See AdvanceMe, supra; All Fleet, supra at 681 (4) (a).

Wellstar Health Systems v. Green, 258 Ga. App. 86 (572 SE2d 731)(2002).

Id.

Lloyd v. Kramer, 233 Ga. App. 372, 375 (1) (503 SE2d 632) (1998); see OCGA § 31-9-6 (d).

See All Fleet, supra at 678 (1).

See Wellstar, supra at 91 (4) (consent to medical treatment valid where no evidence that any fraudulent misrepresentation was made to induce patient to sign consent form); OCGA § 31-9-6 (written consent is presumed valid absent evidence of fraudulent misrepresentation).

See Bowling v. Foster, 254 Ga. App. 374, 379 (1) (a) (562 SE2d 776) (2002).

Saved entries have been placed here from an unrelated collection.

(* Let $\mu\in\mathcal P_c^*(\mathbb R^2)$. Then the functions $\theta\mapsto\operatorname{mean}(\widehat{\mathcal R}_\theta[\mu])$ from $\mathbb S_1$ to $\mathbb R$ and $\theta\mapsto\operatorname{std}(\widehat{\mathcal R}_\theta[\mu])$ from $\mathbb S_1$ to $[0,\infty)$ are continuous.
   Context: $\mathbb S_1=\{x\in\mathbb R^2:\|x\|=1\}$; $\mathcal R_\theta[\mu]=(\langle\cdot,\theta\rangle)_\#\mu$. Fix a reference Borel probability measure $\rho$ on $\mathbb R$ without atoms. For a probability measure $\nu$ on $\mathbb R$ with $F_\nu(t)=\nu((-\infty,t])$, $F_\nu^{[-1]}(t)=\inf\{s:F_\nu(s)>t\}$ and the CDT is $\hat\nu=F_\nu^{[-1]}\circ F_\rho$; $\widehat{\mathcal R}_\theta[\mu]$ is the CDT of $\mathcal R_\theta[\mu]$. For $g\in L^2_\rho(\mathbb R)$, $\operatorname{mean}(g)=\int g\,\mathrm d\rho$, $\operatorname{std}(g)=(\int|g-\operatorname{mean}(g)|^2\mathrm d\rho)^{1/2}$. $\mathcal P_c^*(\mathbb R^2)$ is the set of compactly supported Borel probability measures on $\mathbb R^2$ whose support has affine hull of dimension $>1$. *)

From HB Require Import structures.
From mathcomp Require Import all_boot all_order all_algebra.
From mathcomp Require Import all_classical all_reals all_analysis.
Set Implicit Arguments. Unset Strict Implicit. Unset Printing Implicit Defensive.
Import Order.TTheory GRing.Theory Num.Theory.
Import numFieldNormedType.Exports.
Local Open Scope classical_set_scope.
Local Open Scope ring_scope.

Section Defs.
Variable R : realType.

Definition dot2 (x y : R * R) : R := x.1 * y.1 + x.2 * y.2.

Definition S1 : set (R * R) := [set th | th.1 ^+ 2 + th.2 ^+ 2 = 1].

Definition supp2 (mu : set (R * R) -> \bar R) : set (R * R) :=
  [set x | forall U : set (R * R), open U -> U x -> (0 < mu U)%E].

(* A subset of R^2 has affine hull of dimension <= 1 iff it lies on some
   affine line {x | a x1 + b x2 = c} with (a,b) <> (0,0). *)
Definition in_a_line (A : set (R * R)) : Prop :=
  exists (a b c : R), (a, b) <> (0, 0) /\
    A `<=` [set x | a * x.1 + b * x.2 = c].

Definition Pc_star (mu : set (R * R) -> \bar R) : Prop :=
  compact (supp2 mu) /\ ~ in_a_line (supp2 mu).

(* CDF of the Radon projection R_theta[mu] = (<., theta>)_# mu *)
Definition cdf_proj (mu : set (R * R) -> \bar R) (th : R * R) (t : R) : R :=
  fine (mu [set x | dot2 x th <= t]).

Definition cdf (rho : set R -> \bar R) (t : R) : R :=
  fine (rho [set s | s <= t]).

Definition gen_inv (F : R -> R) (t : R) : R := inf [set s | t < F s].

Definition cdt_proj (rho : set R -> \bar R) (mu : set (R * R) -> \bar R)
  (th : R * R) : R -> R :=
  fun t => gen_inv (cdf_proj mu th) (cdf rho t).

Definition meanr d (T : measurableType d) (rho : {measure set T -> \bar R})
  (g : T -> R) : R := Rintegral rho setT g.

Definition stdr d (T : measurableType d) (rho : {measure set T -> \bar R})
  (g : T -> R) : R :=
  Num.sqrt (Rintegral rho setT (fun t => (g t - meanr rho g) ^+ 2)).

End Defs.

From HB Require Import structures.
From mathcomp Require Import all_boot all_order all_algebra.
From mathcomp Require Import all_classical all_reals all_analysis.
From mathcomp Require Import measurable_realfun ring lra.
Import Order.TTheory GRing.Theory Num.Theory.
Import numFieldNormedType.Exports.
Local Open Scope classical_set_scope.
Local Open Scope ring_scope.

(* Since rho has no atoms, F_rho pushes rho forward to the uniform law on
   [0, 1], and the quantile function of a law pushes the uniform law back to
   that law.  Hence the CDT of R_theta[mu] has law R_theta[mu] under rho, so its
   mean and variance are the first two moments of x |-> <x, theta> under mu.
   These exist because mu has compact support, and they are polynomials in
   theta whose coefficients are moments of mu; the mean and the standard
   deviation are therefore continuous in theta. *)

Section sublevel_sets.
Context {d} {T : measurableType d} {R : realType} {p : T -> R}.
Hypothesis mp : measurable_fun setT p.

In her brief, Dr. Srinivasan “maintains that this is most certainly a medical malpractice action” and argues that OCGA § 24-9-67.1 (c) (2) is applicable. However, as Dr. Srinivasan conceded at the summary judgment hearing, the Longs’ complaint is not styled as one for medical malpractice and has no requisite affidavit attached to it. In Georgia, “a plaintiff may recover for a medical battery by establishing either: (i) that there was a lack of consent to the procedure performed; or (ii) that the treatment was at substantial variance with the consent granted.” (Citations and punctuation omitted.) Morton v. Wellstar Health System, 288 Ga. App. 301, 302 (1) (653 SE2d 756) (2007).

See Cotten v. Phillips, 280 Ga. App. 280, 283 (633 SE2d 655) (2006).

509 U. S. 579 (113 SC 2786, 125 LE2d 469) (1993). See OCGA § 24-9-67.1 (f) (in applying OCGA § 24-9-67.1, Georgia courts “may draw from the opinions of the United States Supreme Court” in Daubert; Gen. Elec. Co. v. Joiner, 522 U. S. 136 (118 SC 512, 139 LE2d 508) (1997); Kumho Tire Co. Ltd. v. Carmichael, 526 U. S. 137 (119 SC 1167, 143 LE2d 238) (1999), and other federal cases applying the standard announced in these cases).

See Cotten, supra at 286.

OCGA § 24-9-67.1 (b) (1)-(3).

Dr. Zakers’s resume, found elsewhere in the record, likewise does not indicate any surgical training or experience.

OCGA § 24-9-67.1 (b) (2), (3); see Moran v. Kia Motors America, 276 Ga. App. 96, 98 (1) (622 SE2d 439) (2005).

See Moran, supra.

See Smith v. Liberty Chrysler-Plymouth-Dodge, 285 Ga. App. 606, 609 (647 SE2d 315) (2007).